Hindmarsh Diane, Steel David
Bureau of Health Information, Level 2, 1 Reserve Road St Leonards, NSW, Australia.
National Institute for Applied Statistics Research Australia, University of Wollongong, Wollongong, NSW, Australia.
AIMS Public Health. 2020 Jun 22;7(2):403-424. doi: 10.3934/publichealth.2020034. eCollection 2020.

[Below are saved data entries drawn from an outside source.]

(* Let $\mathcal K$ be a simplicial complex on $[m]$ and let $\{a_J:J\subseteq[m]\}$ be elements of an abelian group such that whenever $A,B\subseteq[m]$ satisfy $\mathcal K_{A\cup B}=\mathcal K_A\cup\mathcal K_B$, we have $a_{A\cup B}=a_A+a_B-a_{A\cap B}$. Then for every $J\subseteq[m]$, $$a_J=\sum_{B\in\mathcal K^f_J}(-1)^{|B|}\sum_{I\subseteq B}(-1)^{|I|}a_I=\sum_{I\in\mathcal K^f_J}\bigl(1-\chi(\operatorname{lk}_{\mathcal K^f_J}I)\bigr)a_I.$$
   Context: $\mathcal K_I=\{\sigma\in\mathcal K:\sigma\subseteq I\}$. $\mathcal K^f$ is the flag complex on the 1-skeleton of $\mathcal K$ (faces: subsets $I\subseteq[m]$ all of whose subsets of size $\le2$ lie in $\mathcal K$), and $\mathcal K^f_J=(\mathcal K^f)_J$; sums include the empty face. $\operatorname{lk}_{\mathcal L}I=\{J\in\mathcal L:J\cap I=\varnothing,\ J\cup I\in\mathcal L\}$ and $\chi(\mathcal L)=\sum_{\varnothing\ne A\in\mathcal L}(-1)^{|A|-1}$. *)

From mathcomp Require Import all_boot all_order all_algebra.
Set Implicit Arguments. Unset Strict Implicit. Unset Printing Implicit Defensive.
Import GRing.Theory Num.Theory.
Local Open Scope ring_scope.

Definition simplicial_complex (m : nat) (K : {set {set 'I_m}}) : Prop :=
  [/\ set0 \in K,
      (forall s t : {set 'I_m}, t \subset s -> s \in K -> t \in K)
    & (forall i : 'I_m, [set i] \in K)].

Definition restr (m : nat) (K : {set {set 'I_m}}) (I : {set 'I_m}) :
  {set {set 'I_m}} := [set s in K | s \subset I].

Definition flagc (m : nat) (K : {set {set 'I_m}}) : {set {set 'I_m}} :=
  [set I : {set 'I_m} |
     [forall s : {set 'I_m}, ((s \subset I) && (#|s| <= 2)%N) ==> (s \in K)]].

Definition link (m : nat) (L : {set {set 'I_m}}) (I : {set 'I_m}) :
  {set {set 'I_m}} := [set J in L | (J :&: I == set0) && (J :|: I \in L)].

Definition euler (m : nat) (L : {set {set 'I_m}}) : int :=
  \sum_(A in L | A != set0) (-1) ^+ (#|A|.-1).

From mathcomp Require Import all_boot all_order all_algebra.
Set Implicit Arguments. Unset Strict Implicit. Unset Printing Implicit Defensive.
Import GRing.Theory.
Local Open Scope ring_scope.

(* Moebius inversion on the Boolean lattice gives
   a_J = sum_(B <= J) (-1)^|B| sum_(I <= B) (-1)^|I| a_I.  If B is not a flag
   face it contains a non-edge {i, j}; for I <= B - {i, j} the full subcomplex
   on I + i + j is then the union of those on I + i and I + j, so additivity
   makes the inner sum cancel in blocks of four.  Exchanging the two sums over
   the flag faces that remain, the coefficient of a_I is an alternating sum over
   the cofaces of I, which the map B |-> B - I turns into 1 - chi of the link. *)

Section AlternatingSums.

Variables (m : nat) (G : zmodType).
Implicit Types (a F : {set 'I_m} -> G) (x : 'I_m) (B I J : {set 'I_m}).

Lemma sum_subsetsD1 F B x : x \in B ->
  \sum_(I : {set 'I_m} | I \subset B) F I
    = \sum_(I : {set 'I_m} | I \subset B :\ x) (F I + F (x |: I)).
Proof.
move=> xB; rewrite big_split /= (bigID (fun I : {set 'I_m} => x \in I)) /= addrC.
congr (_ + _); first by apply: eq_bigl => I; rewrite subsetD1 andbC.
rewrite (reindex_onto (fun I : {set 'I_m} => x |: I) (fun I => I :\ x)) /=; last first.
  by move=> I /andP[_ xI]; rewrite setD1K.
apply: eq_bigl => I; rewrite setU11 andbT subsetD1 subUset sub1set xB /=.
have [xI | nxI] := boolP (x \in I); last by rewrite setU1K ?eqxx.
by rewrite andbF; apply/negbTE; apply: contraL xI => /andP[_ /eqP <-]; rewrite setD11.
Qed.

Lemma sign_setU1 x I : x \notin I -> (-1) ^+ #|x |: I| = - (-1) ^+ #|I| :> int.
Proof. by move=> xI; rewrite cardsU1 xI exprS mulN1r. Qed.

Definition alt_sum a B := \sum_(I : {set 'I_m} | I \subset B) a I *~ (-1) ^+ #|I|.

Lemma alt_sum_setU1 a x B : x \notin B ->
  alt_sum a (x |: B) = alt_sum a B - alt_sum (fun I => a (x |: I)) B.
Proof.
move=> xB; rewrite /alt_sum (sum_subsetsD1 _ (setU11 x B)) setU1K // big_split.
rewrite -sumrN; congr (_ + _); apply: eq_bigr => I IB /=.
have xI : x \notin I by apply: contra xB; apply: subsetP.
by rewrite sign_setU1 // mulrNz.
Qed.

Lemma alt_sum_inversion a J :
  a J = \sum_(B : {set 'I_m} | B \subset J) alt_sum a B *~ (-1) ^+ #|B|.
Proof.
elim: {J}_.+1 {-2}J (ltnSn #|J|) a => // n IHn J ltJn a.
have [-> | [x xJ]] := set_0Vmem J.
  rewrite (big_pred1 set0) => [|B]; last by rewrite subset0.
  by rewrite /alt_sum (big_pred1 set0) => [|I]; rewrite ?subset0 ?cards0.
have cardJx : (#|J :\ x| < n)%N by move: ltJn; rewrite (cardsD1 x J) xJ.
rewrite (sum_subsetsD1 _ xJ) -{1}(setD1K xJ) (IHn _ cardJx (fun I => a (x |: I))).
apply: eq_bigr => B BJx.
have xB : x \notin B by apply/negP => /(subsetP BJx); rewrite setD11.
by rewrite alt_sum_setU1 // sign_setU1 // mulrNz mulrzBl opprB addrC subrK.
Qed.

End AlternatingSums.

Definition down_closed (m : nat) (L : {set {set 'I_m}}) : Prop :=
  forall s t : {set 'I_m}, t \subset s -> s \in L -> t \in L.

Lemma flagc_down_closed (m : nat) (K : {set {set 'I_m}}) : down_closed (flagc K).
Proof.
move=> s t ts; rewrite !inE => /forallP flag_s; apply/forallP => u.
by apply/implyP => /andP[ut u2]; rewrite (implyP (flag_s u)) // (subset_trans ut ts).
Qed.

Lemma restr_down_closed (m : nat) (L : {set {set 'I_m}}) (J : {set 'I_m}) :
  down_closed L -> down_closed (restr L J).
Proof.
move=> L_down s t ts; rewrite !inE => /andP[sL sJ].
by rewrite (L_down s) // (subset_trans ts sJ).
Qed.

Lemma flagc_nonedge (m : nat) (K : {set {set 'I_m}}) (B : {set 'I_m}) :
  set0 \in K -> (forall i, [set i] \in K) -> B \notin flagc K ->
  exists i j, [/\ i != j, [set i; j] \notin K, i \in B & j \in B].
Proof.
move=> K0 K1; rewrite inE negb_forall => /existsP[s].
rewrite negb_imply => /andP[/andP[sB s_le2] sK].
have : [|| #|s| == 0, #|s| == 1 | #|s| == 2]%N.
  by move: s_le2; case: #|s| => [|[|[|]]].
case/or3P => [/eqP/cards0_eq s0 | /cards1P[i s1] | /cards2P[i [j [ij s2]]]].
- by rewrite s0 K0 in sK.
- by rewrite s1 K1 in sK.
exists i, j; rewrite -s2; split=> //; apply: (subsetP sB); by rewrite s2 !inE eqxx ?orbT.
Qed.

Lemma restr_setU1_nonedge (m : nat) (K : {set {set 'I_m}}) (i j : 'I_m)
    (I : {set 'I_m}) :
  down_closed K -> [set i; j] \notin K ->
  restr K ((i |: I) :|: (j |: I)) = restr K (i |: I) :|: restr K (j |: I).
Proof.
move=> K_down ijK; apply/setP => s; rewrite !inE.
apply/andP/orP => [[sK sUij] | sX]; last first.
  by case: sX => /andP[sK sX]; split=> //; apply: subset_trans sX _;
    rewrite ?subsetUl ?subsetUr.
have drop_missing u v : v \notin s -> s \subset (u |: I) :|: (v |: I) -> s \subset u |: I.
  move=> vs /subsetP sUuv; apply/subsetP => y ys; move: (sUuv y ys); rewrite !inE.
  have [yv | _] := eqVneq y v; first by rewrite -yv ys in vs.
  by case/orP => //= ->; rewrite orbT.
have [i_s | ?] := boolP (i \in s); last first.
  by right; rewrite sK (drop_missing _ i) // setUC.
have [j_s | ?] := boolP (j \in s); last by left; rewrite sK (drop_missing _ j).
case/negP: ijK; apply: K_down sK; apply/subsetP => y; rewrite !inE.
by case/orP => /eqP ->.
Qed.

Lemma sum_sign_cofaces (m : nat) (L : {set {set 'I_m}}) (I : {set 'I_m}) :
  down_closed L -> I \in L ->
  \sum_(B in L | I \subset B) (-1) ^+ #|I| * (-1) ^+ #|B| = 1 - euler (link L I).
Proof.
move=> L_down IL; rewrite -mulr_sumr.
rewrite (reindex_onto (fun C : {set 'I_m} => C :|: I) (fun B => B :\: I)) /=; last first.
  by move=> B /andP[_ IB]; rewrite setUC -{1}(setIidPr IB) setID.
rewrite (eq_bigl [in link L I]) => [|C]; last first.
  rewrite !inE subsetUr andbT setDUl setDv setU0 setI_eq0.
  apply/idP/idP => [/andP[CIL /eqP/setDidPl CI] | /and3P[_ CI CIL]].
    by rewrite CI CIL (L_down _ _ (subsetUl C I) CIL).
  by rewrite CIL; apply/eqP/setDidPl.
under eq_bigr => C.
  rewrite inE => /and3P[_ /eqP CI _]; rewrite cardsU CI cards0 subn0 exprD.
  over.
rewrite -mulr_suml mulrCA -exprMn mulN1r opprK expr1n mulr1.
rewrite (bigD1 set0) /=; last first.
  by rewrite !inE set0I eqxx set0U IL (L_down I set0) ?sub0set.
rewrite cards0 expr0 -sumrN; congr (_ + _); apply: eq_bigr => C /andP[_ C0].
by rewrite -(prednK (_ : 0 < #|C|)%N) ?card_gt0 // exprS mulN1r.
Qed.

Lemma sum_alt_sum_euler (m : nat) (G : zmodType) (a : {set 'I_m} -> G)
    (L : {set {set 'I_m}}) :
  down_closed L ->
  \sum_(B in L) alt_sum a B *~ (-1) ^+ #|B|
    = \sum_(I in L) a I *~ (1 - euler (link L I)).
Proof.
move=> L_down; under eq_bigr => B _ do rewrite /alt_sum mulrz_suml.
rewrite (exchange_big_dep [in L]) => [|B I BL IB]; last exact: L_down IB BL.
apply: eq_bigr => I IL; rewrite -sum_sign_cofaces // mulrz_sumr.
by apply: eq_bigr => B _; rewrite mulrzA.
Qed.

Section NonEdgeVanishing.

Variables (m : nat) (K : {set {set 'I_m}}) (G : zmodType) (a : {set 'I_m} -> G).
Hypothesis K_down : down_closed K.
Hypothesis a_additive : forall A B : {set 'I_m},
  restr K (A :|: B) = restr K A :|: restr K B -> a (A :|: B) = a A + a B - a (A :&: B).

Lemma alt_sum_nonedge (i j : 'I_m) (B : {set 'I_m}) :
  i != j -> [set i; j] \notin K -> i \in B -> j \in B -> alt_sum a B = 0.
Proof.
move=> ij ijK iB jB.
have jBi : j \in B :\ i by rewrite !inE eq_sym ij.
rewrite /alt_sum (sum_subsetsD1 _ iB) (sum_subsetsD1 _ jBi) big1 // => I IBij.
have iI : i \notin I by apply/negP => /(subsetP IBij); rewrite !inE eqxx andbF.
have jI : j \notin I by apply/negP => /(subsetP IBij); rewrite setD11.
have ijI : i \notin j |: I by rewrite !inE negb_or ij.
have a_ijI : a (i |: (j |: I)) = a (i |: I) + a (j |: I) - a I.
  have := a_additive (restr_setU1_nonedge I K_down ijK).
  rewrite -setUA (setUidPr (subsetU1 _ _)) -setUIl => ->; congr (_ - a _).
  apply/setUidPr/subsetP => y; rewrite !inE => /andP[/eqP-> /eqP ij_eq].
  by rewrite ij_eq eqxx in ij.
rewrite a_ijI (sign_setU1 ijI) !sign_setU1 // opprK !mulrNz mulrzBl mulrzDl.
by rewrite (addrC (a (i |: I) *~ _)) !addrA !addrNK subrr.
Qed.

Lemma alt_sum_inversion_flagc (J : {set 'I_m}) :
  set0 \in K -> (forall i, [set i] \in K) ->
  a J = \sum_(B in restr (flagc K) J) alt_sum a B *~ (-1) ^+ #|B|.
Proof.
move=> K0 K1; rewrite (alt_sum_inversion a J) (bigID [in flagc K]) /=.
rewrite [X in _ + X]big1 ?addr0 => [|B /andP[_ /(flagc_nonedge K0 K1)]].
  by apply: eq_bigl => B; rewrite /restr [in RHS]inE andbC.
by case=> i [j [ij ijK iB jB]]; rewrite (alt_sum_nonedge ij ijK iB jB) mul0rz.
Qed.

End NonEdgeVanishing.

Theorem mainTheorem4 (m : nat) (K : {set {set 'I_m}}) (G : zmodType)
  (a : {set 'I_m} -> G) :
  simplicial_complex K ->
  (forall A B : {set 'I_m},
     restr K (A :|: B) = restr K A :|: restr K B ->
     a (A :|: B) = a A + a B - a (A :&: B)) ->
  forall J : {set 'I_m},
    a J = \sum_(B in restr (flagc K) J)
            (\sum_(I : {set 'I_m} | I \subset B) a I *~ ((-1) ^+ #|I|))
              *~ ((-1) ^+ #|B|)
    /\ a J = \sum_(I in restr (flagc K) J)
               a I *~ (1 - euler (link (restr (flagc K) J) I)).
Proof.
move=> [K0 K_down K1] a_additive J.
have a_flag := alt_sum_inversion_flagc K_down a_additive J K0 K1.
split=> //; rewrite a_flag sum_alt_sum_euler //.
exact/restr_down_closed/flagc_down_closed.
Qed.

Regular health surveys can produce reliable estimates at higher geographic levels but not for small areas. Alternatives are to aggregate data over several years or use model-based methods. We created and evaluated model-based estimates for four health-related outcomes by gender, for 153 Local Government Areas using data from the New South Wales Population Health Survey. The evaluation examined evidence on bias and determined the covariates available and appropriate for each outcome variable. The evaluation considered the likely precision of the resulting estimates. The bias and precision of results for single years (2006-2008) for each outcome variable using six covariate specifications were compared with direct survey estimates based on a single year's data and those obtained by aggregating over seven years. A practical issue is how to choose covariates to include in the models as the best covariate specification varies between outcome variables. Model-based results had median root mean squared errors between 3.3% and 5.5% (max 5.2% and 11.3% respectively) and median relative root mean squared errors between 6.8% and 24.5% (max 11.7% and 41.5% respectively). The model-based estimates were unbiased compared with direct estimates based on one or seven years of data and when aggregated to a point where direct estimates were reliable. The bias and reliability assessment process provides a way for policymakers to have confidence in model-based estimates.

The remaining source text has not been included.